§ **About this task**: For the entries below, print exactly the lines between the line holding "replace 2 with" and the line holding "replace (1 + k)%nat with (S k) by lia.", inclusive, and nothing else.
■ ■ ■ ■ ■ ■ ■
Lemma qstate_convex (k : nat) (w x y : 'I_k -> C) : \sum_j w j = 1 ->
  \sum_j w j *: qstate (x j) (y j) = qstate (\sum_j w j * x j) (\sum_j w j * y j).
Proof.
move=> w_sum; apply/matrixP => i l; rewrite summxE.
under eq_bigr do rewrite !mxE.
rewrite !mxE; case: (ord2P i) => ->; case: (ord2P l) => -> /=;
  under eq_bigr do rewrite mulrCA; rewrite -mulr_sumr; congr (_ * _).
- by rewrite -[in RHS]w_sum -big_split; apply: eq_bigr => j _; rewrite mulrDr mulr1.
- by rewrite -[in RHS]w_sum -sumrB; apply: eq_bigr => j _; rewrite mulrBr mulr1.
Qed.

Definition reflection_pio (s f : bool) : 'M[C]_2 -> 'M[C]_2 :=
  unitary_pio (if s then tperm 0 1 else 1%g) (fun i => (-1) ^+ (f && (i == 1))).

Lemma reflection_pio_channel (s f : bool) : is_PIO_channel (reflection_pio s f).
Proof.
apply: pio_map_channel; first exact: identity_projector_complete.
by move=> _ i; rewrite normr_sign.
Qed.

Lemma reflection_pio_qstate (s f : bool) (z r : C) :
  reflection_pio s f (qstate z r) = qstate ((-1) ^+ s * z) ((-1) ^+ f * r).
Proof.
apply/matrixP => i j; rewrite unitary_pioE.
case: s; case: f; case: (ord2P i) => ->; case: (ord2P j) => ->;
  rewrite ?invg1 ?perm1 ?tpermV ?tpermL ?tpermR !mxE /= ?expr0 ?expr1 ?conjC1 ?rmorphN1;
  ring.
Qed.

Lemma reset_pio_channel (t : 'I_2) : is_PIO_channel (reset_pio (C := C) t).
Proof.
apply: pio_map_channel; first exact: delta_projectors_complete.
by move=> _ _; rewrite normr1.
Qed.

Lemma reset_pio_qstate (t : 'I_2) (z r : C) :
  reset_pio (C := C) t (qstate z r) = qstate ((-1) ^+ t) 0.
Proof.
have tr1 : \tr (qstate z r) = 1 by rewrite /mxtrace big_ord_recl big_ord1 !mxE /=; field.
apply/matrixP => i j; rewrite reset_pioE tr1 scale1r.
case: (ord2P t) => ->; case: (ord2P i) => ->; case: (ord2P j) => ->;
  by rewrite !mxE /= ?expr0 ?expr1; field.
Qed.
■ ■ ■ ■ ■ ■ ■
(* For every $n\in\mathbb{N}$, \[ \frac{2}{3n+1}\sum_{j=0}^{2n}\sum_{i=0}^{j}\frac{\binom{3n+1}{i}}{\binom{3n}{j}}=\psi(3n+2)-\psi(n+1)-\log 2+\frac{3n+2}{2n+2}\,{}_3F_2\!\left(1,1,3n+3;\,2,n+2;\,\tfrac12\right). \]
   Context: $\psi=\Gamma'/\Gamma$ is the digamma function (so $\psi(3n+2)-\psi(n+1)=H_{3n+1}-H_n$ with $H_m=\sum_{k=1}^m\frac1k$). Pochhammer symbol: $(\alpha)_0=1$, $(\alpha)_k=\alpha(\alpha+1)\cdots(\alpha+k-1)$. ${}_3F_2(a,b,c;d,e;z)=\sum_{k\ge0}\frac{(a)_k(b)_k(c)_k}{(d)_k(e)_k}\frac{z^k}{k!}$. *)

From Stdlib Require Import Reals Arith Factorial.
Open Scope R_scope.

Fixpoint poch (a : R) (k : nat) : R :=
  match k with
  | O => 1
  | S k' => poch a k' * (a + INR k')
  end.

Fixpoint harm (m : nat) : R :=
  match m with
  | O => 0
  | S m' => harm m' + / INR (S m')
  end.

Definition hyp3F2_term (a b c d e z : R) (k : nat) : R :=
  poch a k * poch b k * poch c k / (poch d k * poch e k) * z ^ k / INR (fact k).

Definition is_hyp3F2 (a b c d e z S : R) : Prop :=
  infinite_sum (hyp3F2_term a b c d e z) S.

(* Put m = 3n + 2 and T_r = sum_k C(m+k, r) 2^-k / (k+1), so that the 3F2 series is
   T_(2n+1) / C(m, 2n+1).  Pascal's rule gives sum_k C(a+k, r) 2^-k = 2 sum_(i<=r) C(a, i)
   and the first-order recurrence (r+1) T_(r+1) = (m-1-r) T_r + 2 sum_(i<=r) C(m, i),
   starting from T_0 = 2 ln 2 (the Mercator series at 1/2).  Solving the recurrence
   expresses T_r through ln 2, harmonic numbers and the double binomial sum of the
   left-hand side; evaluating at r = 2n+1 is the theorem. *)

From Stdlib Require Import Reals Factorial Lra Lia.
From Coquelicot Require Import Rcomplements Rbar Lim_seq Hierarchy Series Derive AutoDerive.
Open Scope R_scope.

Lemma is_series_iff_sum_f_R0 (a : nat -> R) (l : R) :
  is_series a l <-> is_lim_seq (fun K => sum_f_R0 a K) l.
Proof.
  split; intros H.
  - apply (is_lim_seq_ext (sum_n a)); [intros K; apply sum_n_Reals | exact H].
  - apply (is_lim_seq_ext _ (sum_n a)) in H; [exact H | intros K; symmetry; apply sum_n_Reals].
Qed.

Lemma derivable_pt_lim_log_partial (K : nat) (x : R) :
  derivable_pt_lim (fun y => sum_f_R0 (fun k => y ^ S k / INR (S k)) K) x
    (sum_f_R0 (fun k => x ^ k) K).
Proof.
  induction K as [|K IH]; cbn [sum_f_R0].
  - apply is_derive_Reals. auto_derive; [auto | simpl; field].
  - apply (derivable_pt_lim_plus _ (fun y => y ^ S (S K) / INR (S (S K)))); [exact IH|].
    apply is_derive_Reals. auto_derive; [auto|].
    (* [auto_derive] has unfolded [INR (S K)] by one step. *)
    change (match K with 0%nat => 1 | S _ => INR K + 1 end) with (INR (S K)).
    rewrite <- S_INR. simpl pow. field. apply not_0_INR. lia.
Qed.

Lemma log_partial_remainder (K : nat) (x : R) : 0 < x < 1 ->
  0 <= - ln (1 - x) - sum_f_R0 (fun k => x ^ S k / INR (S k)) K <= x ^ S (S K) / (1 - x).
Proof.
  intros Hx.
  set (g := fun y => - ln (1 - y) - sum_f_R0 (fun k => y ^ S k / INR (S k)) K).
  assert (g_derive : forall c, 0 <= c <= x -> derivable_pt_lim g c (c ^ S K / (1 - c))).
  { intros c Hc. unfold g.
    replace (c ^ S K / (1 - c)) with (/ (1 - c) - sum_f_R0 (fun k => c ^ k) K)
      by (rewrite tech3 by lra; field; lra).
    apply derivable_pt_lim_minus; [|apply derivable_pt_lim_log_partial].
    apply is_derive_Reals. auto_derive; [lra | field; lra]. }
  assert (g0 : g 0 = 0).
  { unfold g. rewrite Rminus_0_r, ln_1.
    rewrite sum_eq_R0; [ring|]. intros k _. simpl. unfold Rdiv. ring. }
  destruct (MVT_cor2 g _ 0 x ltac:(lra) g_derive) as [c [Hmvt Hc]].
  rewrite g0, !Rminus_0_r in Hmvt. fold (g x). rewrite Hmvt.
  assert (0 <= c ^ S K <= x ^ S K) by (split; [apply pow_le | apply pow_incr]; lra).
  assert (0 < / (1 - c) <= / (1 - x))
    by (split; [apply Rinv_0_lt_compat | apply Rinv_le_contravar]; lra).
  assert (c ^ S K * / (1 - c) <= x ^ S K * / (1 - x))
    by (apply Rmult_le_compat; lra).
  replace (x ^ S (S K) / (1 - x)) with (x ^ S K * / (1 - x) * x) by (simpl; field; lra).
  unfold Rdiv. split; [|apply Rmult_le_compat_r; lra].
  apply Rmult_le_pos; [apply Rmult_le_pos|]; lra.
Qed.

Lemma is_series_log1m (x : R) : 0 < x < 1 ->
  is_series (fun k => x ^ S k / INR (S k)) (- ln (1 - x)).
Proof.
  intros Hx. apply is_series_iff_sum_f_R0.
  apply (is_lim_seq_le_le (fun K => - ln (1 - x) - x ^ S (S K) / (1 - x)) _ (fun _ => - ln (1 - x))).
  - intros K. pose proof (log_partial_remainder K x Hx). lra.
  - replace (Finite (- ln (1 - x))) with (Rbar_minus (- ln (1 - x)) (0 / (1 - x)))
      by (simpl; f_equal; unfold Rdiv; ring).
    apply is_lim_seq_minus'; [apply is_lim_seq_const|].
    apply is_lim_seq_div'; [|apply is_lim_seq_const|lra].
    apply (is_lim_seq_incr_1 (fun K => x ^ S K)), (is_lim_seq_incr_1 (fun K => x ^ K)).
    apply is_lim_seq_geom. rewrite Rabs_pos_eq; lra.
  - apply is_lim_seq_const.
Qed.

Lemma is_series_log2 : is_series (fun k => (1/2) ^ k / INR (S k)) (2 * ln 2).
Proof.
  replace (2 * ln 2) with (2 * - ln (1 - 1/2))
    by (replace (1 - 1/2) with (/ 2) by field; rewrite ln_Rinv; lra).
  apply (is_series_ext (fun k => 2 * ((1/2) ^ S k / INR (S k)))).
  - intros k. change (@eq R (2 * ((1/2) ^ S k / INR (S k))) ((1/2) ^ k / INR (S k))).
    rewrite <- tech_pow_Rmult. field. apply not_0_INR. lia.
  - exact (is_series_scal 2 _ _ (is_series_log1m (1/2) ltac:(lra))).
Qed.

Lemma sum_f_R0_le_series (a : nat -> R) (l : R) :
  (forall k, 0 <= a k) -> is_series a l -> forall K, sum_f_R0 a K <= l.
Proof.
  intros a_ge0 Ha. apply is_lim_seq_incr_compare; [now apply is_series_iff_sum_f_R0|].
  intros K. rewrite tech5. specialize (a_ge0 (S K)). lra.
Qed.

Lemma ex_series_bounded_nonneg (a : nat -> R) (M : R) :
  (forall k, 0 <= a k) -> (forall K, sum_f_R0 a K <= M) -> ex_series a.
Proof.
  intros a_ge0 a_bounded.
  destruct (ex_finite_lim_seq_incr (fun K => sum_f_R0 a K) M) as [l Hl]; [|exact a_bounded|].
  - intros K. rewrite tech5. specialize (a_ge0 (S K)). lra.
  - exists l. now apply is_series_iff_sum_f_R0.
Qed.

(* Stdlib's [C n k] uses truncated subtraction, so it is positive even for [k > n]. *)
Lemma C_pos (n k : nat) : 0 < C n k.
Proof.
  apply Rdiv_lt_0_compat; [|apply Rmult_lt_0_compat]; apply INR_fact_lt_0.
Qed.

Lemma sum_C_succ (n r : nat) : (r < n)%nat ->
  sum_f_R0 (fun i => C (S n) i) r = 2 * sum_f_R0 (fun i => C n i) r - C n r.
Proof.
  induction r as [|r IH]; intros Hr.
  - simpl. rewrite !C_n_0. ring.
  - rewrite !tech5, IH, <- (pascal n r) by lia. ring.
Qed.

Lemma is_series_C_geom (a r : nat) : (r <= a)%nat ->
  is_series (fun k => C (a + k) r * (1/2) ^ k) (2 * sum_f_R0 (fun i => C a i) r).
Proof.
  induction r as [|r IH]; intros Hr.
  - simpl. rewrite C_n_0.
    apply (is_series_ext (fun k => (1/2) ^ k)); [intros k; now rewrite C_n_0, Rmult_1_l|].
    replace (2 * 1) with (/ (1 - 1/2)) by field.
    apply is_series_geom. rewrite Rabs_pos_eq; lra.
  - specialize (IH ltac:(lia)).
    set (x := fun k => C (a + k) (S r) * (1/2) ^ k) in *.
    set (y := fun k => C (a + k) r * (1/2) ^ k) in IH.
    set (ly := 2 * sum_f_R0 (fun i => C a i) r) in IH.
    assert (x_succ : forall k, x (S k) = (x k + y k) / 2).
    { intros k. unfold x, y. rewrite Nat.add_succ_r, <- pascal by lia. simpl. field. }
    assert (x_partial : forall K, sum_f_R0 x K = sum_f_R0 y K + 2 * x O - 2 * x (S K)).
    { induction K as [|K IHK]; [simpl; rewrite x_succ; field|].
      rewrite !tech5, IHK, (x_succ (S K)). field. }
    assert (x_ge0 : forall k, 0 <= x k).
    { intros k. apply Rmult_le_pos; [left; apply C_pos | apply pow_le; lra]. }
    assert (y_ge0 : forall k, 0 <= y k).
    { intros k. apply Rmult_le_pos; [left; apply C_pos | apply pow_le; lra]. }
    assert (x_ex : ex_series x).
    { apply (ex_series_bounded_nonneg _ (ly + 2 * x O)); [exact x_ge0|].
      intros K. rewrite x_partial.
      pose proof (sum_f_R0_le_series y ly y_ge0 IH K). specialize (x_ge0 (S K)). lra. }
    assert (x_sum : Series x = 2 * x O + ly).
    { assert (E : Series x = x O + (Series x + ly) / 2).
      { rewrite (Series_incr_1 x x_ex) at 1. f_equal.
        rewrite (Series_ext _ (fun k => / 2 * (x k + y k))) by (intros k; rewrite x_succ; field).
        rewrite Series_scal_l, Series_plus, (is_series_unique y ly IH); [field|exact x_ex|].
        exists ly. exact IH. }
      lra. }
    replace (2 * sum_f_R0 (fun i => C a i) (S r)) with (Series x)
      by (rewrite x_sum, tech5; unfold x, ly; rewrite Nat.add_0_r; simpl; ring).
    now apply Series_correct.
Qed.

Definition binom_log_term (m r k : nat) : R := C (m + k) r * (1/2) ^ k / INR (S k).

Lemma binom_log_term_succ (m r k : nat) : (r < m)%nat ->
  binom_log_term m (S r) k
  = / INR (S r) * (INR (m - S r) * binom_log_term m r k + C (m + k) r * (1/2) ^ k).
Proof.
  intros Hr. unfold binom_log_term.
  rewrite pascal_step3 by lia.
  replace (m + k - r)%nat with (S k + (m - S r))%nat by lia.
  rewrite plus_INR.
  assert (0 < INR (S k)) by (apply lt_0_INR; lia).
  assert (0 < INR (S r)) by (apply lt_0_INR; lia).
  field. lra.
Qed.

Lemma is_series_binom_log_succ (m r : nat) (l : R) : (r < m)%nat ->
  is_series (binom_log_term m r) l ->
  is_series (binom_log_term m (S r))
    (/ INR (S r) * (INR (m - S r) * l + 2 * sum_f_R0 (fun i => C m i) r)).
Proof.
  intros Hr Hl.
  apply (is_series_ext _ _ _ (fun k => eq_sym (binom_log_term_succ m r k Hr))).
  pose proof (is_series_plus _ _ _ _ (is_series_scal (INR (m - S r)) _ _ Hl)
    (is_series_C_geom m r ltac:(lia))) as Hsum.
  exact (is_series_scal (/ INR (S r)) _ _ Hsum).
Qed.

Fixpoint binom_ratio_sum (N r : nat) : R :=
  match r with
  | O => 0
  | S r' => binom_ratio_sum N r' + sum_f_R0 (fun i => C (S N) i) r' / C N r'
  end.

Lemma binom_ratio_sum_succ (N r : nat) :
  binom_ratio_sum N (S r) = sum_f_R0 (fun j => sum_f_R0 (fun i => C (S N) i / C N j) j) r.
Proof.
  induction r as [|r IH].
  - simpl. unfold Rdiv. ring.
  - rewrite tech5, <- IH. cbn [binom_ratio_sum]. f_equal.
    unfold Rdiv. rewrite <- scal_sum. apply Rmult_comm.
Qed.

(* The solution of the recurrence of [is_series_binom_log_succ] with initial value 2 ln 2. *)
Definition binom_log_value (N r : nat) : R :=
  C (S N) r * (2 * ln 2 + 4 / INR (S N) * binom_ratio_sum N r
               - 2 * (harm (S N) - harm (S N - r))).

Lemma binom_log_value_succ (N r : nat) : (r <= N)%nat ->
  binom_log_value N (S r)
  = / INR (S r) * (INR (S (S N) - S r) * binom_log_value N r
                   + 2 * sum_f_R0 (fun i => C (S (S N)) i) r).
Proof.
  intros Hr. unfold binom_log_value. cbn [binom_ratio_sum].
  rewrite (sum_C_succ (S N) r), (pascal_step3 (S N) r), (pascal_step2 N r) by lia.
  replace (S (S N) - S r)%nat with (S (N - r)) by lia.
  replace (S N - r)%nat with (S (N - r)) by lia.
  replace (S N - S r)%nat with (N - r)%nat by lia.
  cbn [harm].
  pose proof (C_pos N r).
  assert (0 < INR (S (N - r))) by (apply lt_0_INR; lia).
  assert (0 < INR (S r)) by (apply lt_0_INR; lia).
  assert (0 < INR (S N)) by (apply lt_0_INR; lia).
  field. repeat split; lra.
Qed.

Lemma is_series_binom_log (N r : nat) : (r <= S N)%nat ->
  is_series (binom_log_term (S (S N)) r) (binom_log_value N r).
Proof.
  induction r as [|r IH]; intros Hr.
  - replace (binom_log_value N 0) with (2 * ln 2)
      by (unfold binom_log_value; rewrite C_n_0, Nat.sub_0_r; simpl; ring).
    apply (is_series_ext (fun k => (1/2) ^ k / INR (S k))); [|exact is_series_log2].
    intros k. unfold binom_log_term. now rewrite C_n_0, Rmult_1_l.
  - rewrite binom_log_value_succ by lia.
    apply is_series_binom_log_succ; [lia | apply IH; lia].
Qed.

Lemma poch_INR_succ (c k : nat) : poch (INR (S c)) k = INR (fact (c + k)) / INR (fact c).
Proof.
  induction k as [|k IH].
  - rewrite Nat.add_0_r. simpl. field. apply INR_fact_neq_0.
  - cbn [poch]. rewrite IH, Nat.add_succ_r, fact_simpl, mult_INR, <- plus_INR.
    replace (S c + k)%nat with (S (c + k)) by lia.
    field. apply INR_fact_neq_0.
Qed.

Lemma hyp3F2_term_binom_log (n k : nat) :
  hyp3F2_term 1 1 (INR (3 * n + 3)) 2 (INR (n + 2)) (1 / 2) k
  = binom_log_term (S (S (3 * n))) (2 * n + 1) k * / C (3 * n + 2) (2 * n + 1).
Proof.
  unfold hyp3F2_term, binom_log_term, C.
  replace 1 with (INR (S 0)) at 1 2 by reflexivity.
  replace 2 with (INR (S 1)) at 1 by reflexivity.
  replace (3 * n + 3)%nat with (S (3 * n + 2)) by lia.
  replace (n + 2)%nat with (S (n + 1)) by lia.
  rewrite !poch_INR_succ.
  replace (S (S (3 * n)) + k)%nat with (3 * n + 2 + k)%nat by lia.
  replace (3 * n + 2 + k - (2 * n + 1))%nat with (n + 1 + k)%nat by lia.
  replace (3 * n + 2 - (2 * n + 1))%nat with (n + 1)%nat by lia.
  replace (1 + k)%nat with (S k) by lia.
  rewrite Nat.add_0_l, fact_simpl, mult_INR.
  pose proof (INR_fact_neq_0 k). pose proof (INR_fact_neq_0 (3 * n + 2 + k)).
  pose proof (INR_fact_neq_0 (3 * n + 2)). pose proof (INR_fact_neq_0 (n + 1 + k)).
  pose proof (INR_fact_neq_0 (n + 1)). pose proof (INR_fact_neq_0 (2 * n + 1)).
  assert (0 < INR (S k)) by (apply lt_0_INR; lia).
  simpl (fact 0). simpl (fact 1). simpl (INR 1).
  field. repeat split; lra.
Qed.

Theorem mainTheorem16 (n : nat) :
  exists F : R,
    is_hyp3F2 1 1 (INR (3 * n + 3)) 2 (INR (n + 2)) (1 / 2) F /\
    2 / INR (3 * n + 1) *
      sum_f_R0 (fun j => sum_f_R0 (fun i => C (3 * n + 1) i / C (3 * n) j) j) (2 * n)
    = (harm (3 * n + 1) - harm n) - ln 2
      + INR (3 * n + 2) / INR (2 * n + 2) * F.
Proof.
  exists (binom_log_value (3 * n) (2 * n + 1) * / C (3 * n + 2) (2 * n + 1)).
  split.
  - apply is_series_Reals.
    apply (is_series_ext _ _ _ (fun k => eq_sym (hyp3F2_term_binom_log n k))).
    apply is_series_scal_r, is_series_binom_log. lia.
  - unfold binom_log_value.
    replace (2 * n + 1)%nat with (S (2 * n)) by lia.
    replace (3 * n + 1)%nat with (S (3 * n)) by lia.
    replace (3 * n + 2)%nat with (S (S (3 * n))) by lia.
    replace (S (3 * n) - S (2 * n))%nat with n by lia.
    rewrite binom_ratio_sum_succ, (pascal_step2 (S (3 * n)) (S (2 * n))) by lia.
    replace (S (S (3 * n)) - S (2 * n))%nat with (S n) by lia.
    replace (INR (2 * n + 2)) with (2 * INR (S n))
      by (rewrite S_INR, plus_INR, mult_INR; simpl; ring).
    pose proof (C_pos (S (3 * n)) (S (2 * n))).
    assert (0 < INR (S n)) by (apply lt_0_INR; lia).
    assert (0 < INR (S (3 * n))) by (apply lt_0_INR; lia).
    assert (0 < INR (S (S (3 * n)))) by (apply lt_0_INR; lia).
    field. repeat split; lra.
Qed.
■ ■ ■ ■ ■ ■ ■
§ **Answer box**:
  replace 2 with (INR (S 1)) at 1 by reflexivity.
  replace (3 * n + 3)%nat with (S (3 * n + 2)) by lia.
  replace (n + 2)%nat with (S (n + 1)) by lia.
  rewrite !poch_INR_succ.
  replace (S (S (3 * n)) + k)%nat with (3 * n + 2 + k)%nat by lia.
  replace (3 * n + 2 + k - (2 * n + 1))%nat with (n + 1 + k)%nat by lia.
  replace (3 * n + 2 - (2 * n + 1))%nat with (n + 1)%nat by lia.
  replace (1 + k)%nat with (S k) by lia.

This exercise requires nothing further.